2. There is a TRID grace period that has been established. How long is the grace period? Apparently it might not be through the end of the year. Richard Cordray, director of the Consumer Financial Protection Bureau, said the agency will be sensitive to progress made by those working to meet the new requirements. (Scotsman Guide)
3. While the agency will consider the good faith efforts of those involved in transactions to meet the letter of the law, there’s no “hold harmless” guarantee. (Housing Wire) Note the letter from U.S. Reps Blaine Luetkemeyer, R-Montana, and Randy Neugebauer, R-Texas:
“TILA-RESPA integration is a significant event for our nation’s mortgage and housing markets. We appreciate Director Cordray taking a first step in indicating a regulatory ‘sensitivity’ to good faith efforts to meet requirements of the new disclosure rules. However, we are very disappointed the Bureau has failed to provide necessary market certainty with a formal hold harmless period – especially given the massive bipartisan Congressional interest.”

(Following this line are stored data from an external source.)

Lemma nnd_diag_ge0 (R : realType) d (S : 'M[R]_d) i : nnd S -> 0 <= S i i.
Proof.
by move=> [_ /(_ (delta_mx i 0))]; rewrite trmx_delta -rowE -colE !mxE.
Qed.

Definition row_sums (R : nzRingType) d n (X : 'M[R]_(d, n)) : 'cV[R]_d :=
  X *m const_mx 1.

Definition dipole (R : nzRingType) d n (i : 'I_d) (a b : 'I_n) : 'M[R]_(d, n) :=
  delta_mx i 0 *m (delta_mx 0 a - delta_mx 0 b : 'rV[R]_n).

Section Dipole.
Variables (R : comNzRingType) (d n : nat) (i : 'I_d) (a b : 'I_n).

Lemma dipole_row_sums : row_sums (dipole R i a b) = 0.
Proof. by rewrite /row_sums /dipole -mulmxA mulmxBl -!rowE !row_const subrr mulmx0. Qed.

Lemma dipole_gram : a != b -> dipole R i a b *m (dipole R i a b)^T = delta_mx i i *+ 2.
Proof.
move=> ab; set u : 'rV[R]_n := delta_mx 0 a - delta_mx 0 b.
have uu : u *m u^T = delta_mx 0 0 *+ 2.
  rewrite /u linearB /= !trmx_delta mulmxBl !mulmxBr !mul_delta_mx_cond.
  by rewrite !eqxx (negbTE ab) eq_sym (negbTE ab) !mulr0n subr0 sub0r opprK -mulr2n.
rewrite /dipole -/u trmx_mul trmx_delta mulmxA -(mulmxA (delta_mx i 0)) uu.
by rewrite -scaler_nat -scalemxAr -scalemxAl !mul_delta_mx scaler_nat.
Qed.

End Dipole.

Lemma centered_equivariant_gram (R : realType) d n (F : 'M[R]_(d, n) -> 'M[R]_d) :
  (2 <= d)%N -> (2 <= n)%N ->
  (forall A X, F (A *m X) = A *m F X *m A^T) -> (forall X, nnd (F X)) ->
  (forall (s : 'S_n) X, F (col_perm s X) = F X) ->
  exists c : R, 0 <= c /\ forall X, row_sums X = 0 -> F X = c *: (X *m X^T).
Proof.
move=> d2 n2 F_mulmx F_nnd F_perm.
have [i0 [i1 i01]] := exists_distinct_ords d2.
have [j0 [j1 j01]] := exists_distinct_ords n2.
have F_sym X : (F X)^T = F X by case: (F_nnd X).
have [a [b FE]] := perm_invariant_equivariant_form F_mulmx F_sym i01 F_perm j01.
have F_centered X : row_sums X = 0 -> F X = a *: (X *m X^T).
  move=> X1; rewrite FE mulmxDr mulmxDl mul_mx_scalar -scalemxAl.
  have -> : const_mx b = (const_mx 1 : 'cV[R]_n) *m const_mx b :> 'M[R]_n.
    by apply/matrixP => k l; rewrite !mxE big_ord1 !mxE mul1r.
  by rewrite mulmxA -/(row_sums X) X1 !mul0mx addr0.
exists a; split => //.
have := nnd_diag_ge0 i0 (F_nnd (dipole R i0 j0 j1)).
rewrite F_centered ?dipole_row_sums // dipole_gram // mxE mulmxnE mxE !eqxx /=.
by rewrite pmulr_lge0.
Qed.

Lemma sumr_modn (V : nmodType) (G : nat -> V) m p :
  \sum_(0 <= j < m * p) G (j %% p)%N = (\sum_(0 <= j < p) G j) *+ m.
Proof.
elim: m => [|m IH]; first by rewrite mul0n big_geq.
rewrite mulSn (@big_cat_nat _ _ _ p) ?leq_addr //= mulrS; congr (_ + _).
  by apply: eq_big_nat => j /andP[_ hj]; rewrite modn_small.
by rewrite -{1}[p]add0n big_addn addKn -IH; apply: eq_bigr => j _; rewrite modnDr.
Qed.

Definition repeat_cols (R : Type) d n m (X : 'M[R]_(d, n.+1)) : 'M[R]_(d, m * n.+1) :=
  \matrix_(i, j) X i (inord (j %% n.+1)).

Section RepeatCols.
Variables (R : comNzRingType) (d n m : nat) (X : 'M[R]_(d, n.+1)).

Lemma sum_repeat (V : nmodType) (G : 'I_n.+1 -> V) :
  \sum_(j < m * n.+1) G (inord (j %% n.+1)) = (\sum_j G j) *+ m.
Proof.
rewrite -(big_mkord xpredT (fun j => G (inord (j %% n.+1)))).
rewrite (sumr_modn (fun j => G (inord j))) big_mkord.
by congr (_ *+ _); apply: eq_bigr => j _; rewrite inord_val.
Qed.

Lemma repeat_cols_gram :
  repeat_cols m X *m (repeat_cols m X)^T = (X *m X^T) *+ m.
Proof.
apply/matrixP => i j; rewrite mulmxnE !mxE.
rewrite (eq_bigr (fun k : 'I_(m * n.+1) =>
  (fun l => X i l * X j l) (inord (k %% n.+1)))); last first.
  by move=> k _; rewrite !mxE.
rewrite (sum_repeat (fun l => X i l * X j l)); congr (_ *+ _).
by apply: eq_bigr => l _; rewrite !mxE.
Qed.

Lemma repeat_cols_row_sums : row_sums (repeat_cols m X) = row_sums X *+ m.
Proof.
apply/matrixP => i j; rewrite mulmxnE !mxE.
rewrite (eq_bigr (fun k : 'I_(m * n.+1) =>
  (fun l => X i l * 1) (inord (k %% n.+1)))); last first.
  by move=> k _; rewrite !mxE.
rewrite (sum_repeat (fun l => X i l * 1)); congr (_ *+ _).
by apply: eq_bigr => l _; rewrite !mxE.
Qed.

End RepeatCols.

Section EmpiricalMeasure.
Variables (R : realType) (d n : nat).
Implicit Types (X : 'M[R]_(d, n)) (A : 'M[R]_d) (v : 'cV[R]_d).

Lemma image_law_emp A v X :
  image_law (emp X) (fun x => A *m x + v) = emp (A *m X + v *m const_mx 1).
Proof.
apply/funext => B; rewrite /image_law /emp; congr (_ * _); apply: eq_bigr => j _.
have -> : col j (A *m X + v *m const_mx 1) = A *m col j X + v.
  apply/matrixP => i k; rewrite !mxE; congr (_ + _).
    by apply: eq_bigr => l _; rewrite !mxE.
  by rewrite big_ord1 !mxE mulr1 (ord1 k).
by rewrite !indicE.
Qed.

Lemma emp_col_perm (s : 'S_n) X : emp (col_perm s X) = emp X.
Proof.
apply/funext => B; rewrite /emp; congr (_ * _).
rewrite [RHS](reindex_inj (@perm_inj _ s)) /=; apply: eq_bigr => j _.
by congr (\1_B _); apply/matrixP => i k; rewrite !mxE.
Qed.

Lemma center_data_row_sums X : (0 < n)%N -> row_sums (center_data X) = 0.
Proof.
move=> n0; rewrite /row_sums /center_data mulmxBl -mulmxA.
have -> : (const_mx 1 : 'M[R]_(1, n)) *m const_mx 1 = n%:R%:M.
  apply/matrixP => i j; rewrite !mxE (ord1 i) (ord1 j) mulr1n.
  by under eq_bigr do rewrite !mxE mulr1; rewrite sumr_const card_ord.
by rewrite mul_mx_scalar scalerA mulfV ?scale1r ?subrr // pnatr_eq0 -lt0n.
Qed.

Lemma emp_repeat_cols m (Y : 'M[R]_(d, n.+1)) :
  (0 < m)%N -> emp (repeat_cols m Y) = emp Y.
Proof.
move=> m0; apply/funext => B; rewrite /emp.
rewrite (eq_bigr (fun j : 'I_(m * n.+1) =>
  (fun k => \1_B (col k Y)) (inord (j %% n.+1)))); last first.
  by move=> j _; congr (\1_B _); apply/matrixP => i k; rewrite !mxE.
rewrite (sum_repeat m (fun k => \1_B (col k Y))) -mulr_natl natrM.
by field; rewrite nat1r !pnatr_eq0 /= -lt0n.
Qed.

End EmpiricalMeasure.

Section EquivariantScatter.
Variables (R : realType) (d : nat) (P : 'M[R]_d -> Prop) (D : set (setfun R d)).
Variable Sigma : setfun R d -> 'M[R]_d.
Hypothesis Sigma_equiv : equivariant_scatter P D Sigma.

Lemma scatter_emp_mulmx n A (X : 'M[R]_(d, n)) : P A -> D (emp X) ->
  Sigma (emp (A *m X)) = A *m Sigma (emp X) *m A^T.
Proof.
move=> PA DX; have [_ <-] := Sigma_equiv.2 A 0 _ PA DX.
by rewrite image_law_emp mul0mx addr0.
Qed.

Lemma scatter_emp_center n (X : 'M[R]_(d, n)) : P 1%:M -> D (emp X) ->
  Sigma (emp (center_data X)) = Sigma (emp X).
Proof.
move=> P1 DX; have [_ E] := Sigma_equiv.2 1%:M (- (n%:R^-1 *: (X *m const_mx 1))) _ P1 DX.
by rewrite image_law_emp mul1mx mulNmx mul1mx trmx1 mulmx1 in E.
Qed.

End EquivariantScatter.

Lemma scatter_emp_centered (R : realType) d n (Sigma : setfun R d -> 'M[R]_d) :
  (2 <= d)%N -> (2 <= n)%N -> (forall X : 'M[R]_(d, n), nnd (Sigma (emp X))) ->
  (forall A (X : 'M[R]_(d, n)), Sigma (emp (A *m X)) = A *m Sigma (emp X) *m A^T) ->
  exists c : R, 0 <= c /\
    forall Y : 'M[R]_(d, n), row_sums Y = 0 -> Sigma (emp Y) = c *: (Y *m Y^T).
Proof.
move=> d2 n2 Sigma_nnd Sigma_mulmx.
by apply: centered_equivariant_gram => // s X; rewrite emp_col_perm.
Qed.

Section ShiftToUnit.
Variables (R : realType) (d : nat) (A : 'M[R]_d).

(* Of [d + 1] distinct shifts, one avoids the at most [d] eigenvalues of [- A]. *)
Lemma shift_unitmx_le e : 0 < e -> exists t, 0 < t <= e /\ A + t%:M \in unitmx.
Proof.
move=> e0; pose shift (m : nat) : R := e / m.+1%:R.
have shift_gt0 m : 0 < shift m by rewrite divr_gt0 ?ltr0Sn.
have [/hasP [m _ Am]|no_shift] :=
  boolP (has (fun m => A + (shift m)%:M \in unitmx) (iota 0 d.+1)).
  exists (shift m); split => //; rewrite shift_gt0 /=.
  by rewrite /shift ler_pdivrMr ?ltr0Sn // ler_peMr ?(ltW e0) // ler1n.
pose rs := map (fun m => - shift m) (iota 0 d.+1).
have rs_roots : all (root (char_poly A)) rs.
  apply/allP => x /mapP [m m_d ->]; rewrite -eigenvalue_root_char.
  have : A + (shift m)%:M \notin unitmx.
    by apply: contra no_shift => Am; apply/hasP; exists m.
  rewrite unitmxE unitfE negbK => /det0P [v v0].
  rewrite mulmxDr mul_mx_scalar => /eqP; rewrite addr_eq0 => /eqP vA.
  by apply/eigenvalueP; exists v; rewrite // vA scaleNr.
have rs_uniq : uniq rs.
  rewrite map_inj_uniq ?iota_uniq // => m m' /eqP; rewrite eqr_opp => /eqP E.
  have : (m.+1%:R : R) = m'.+1%:R.
    by apply/invr_inj; apply: (mulfI (lt0r_neq0 e0)).
  by move/eqP; rewrite eqr_nat eqSS => /eqP.
have := max_poly_roots (monic_neq0 (char_poly_monic A)) rs_roots rs_uniq.
by rewrite size_map size_iota size_char_poly ltnn.
Qed.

4. There’s still a lot to worry about when it comes to real-time testing of the new system. The CFPB was not open to having the new disclosure process tested in advance, and banks are struggling to make sure they are ready for the changes. (Housing Wire)
An American Bankers Association survey found that while 74% of banks are using a vendor or consultants to assist with TRID implementation, only 2% of the compliance systems had been delivered by the month of April. Nearly eight in 10 banks (79%) couldn’t verify a precise delivery date or were told they wouldn’t receive systems before June.
Regardless, the added clarity was a step forward according to NAR President Chris Polychron. REALTORS® had worried about how the rules would delay closings. Illinois REALTORS® and their colleagues from across the nation made getting changes to the rules a centerpiece of visits to Capitol Hill in May.
“The action announced today (Wednesday, JUne 3, 2015) by the CFPB is a welcome first step toward clarifying the changes coming to real estate closings August 1. NAR appreciates the “sensitivity” offered by the CFPB to companies making a good-faith effort to comply with the new TILA-RESPA Integrated Disclosure regulation.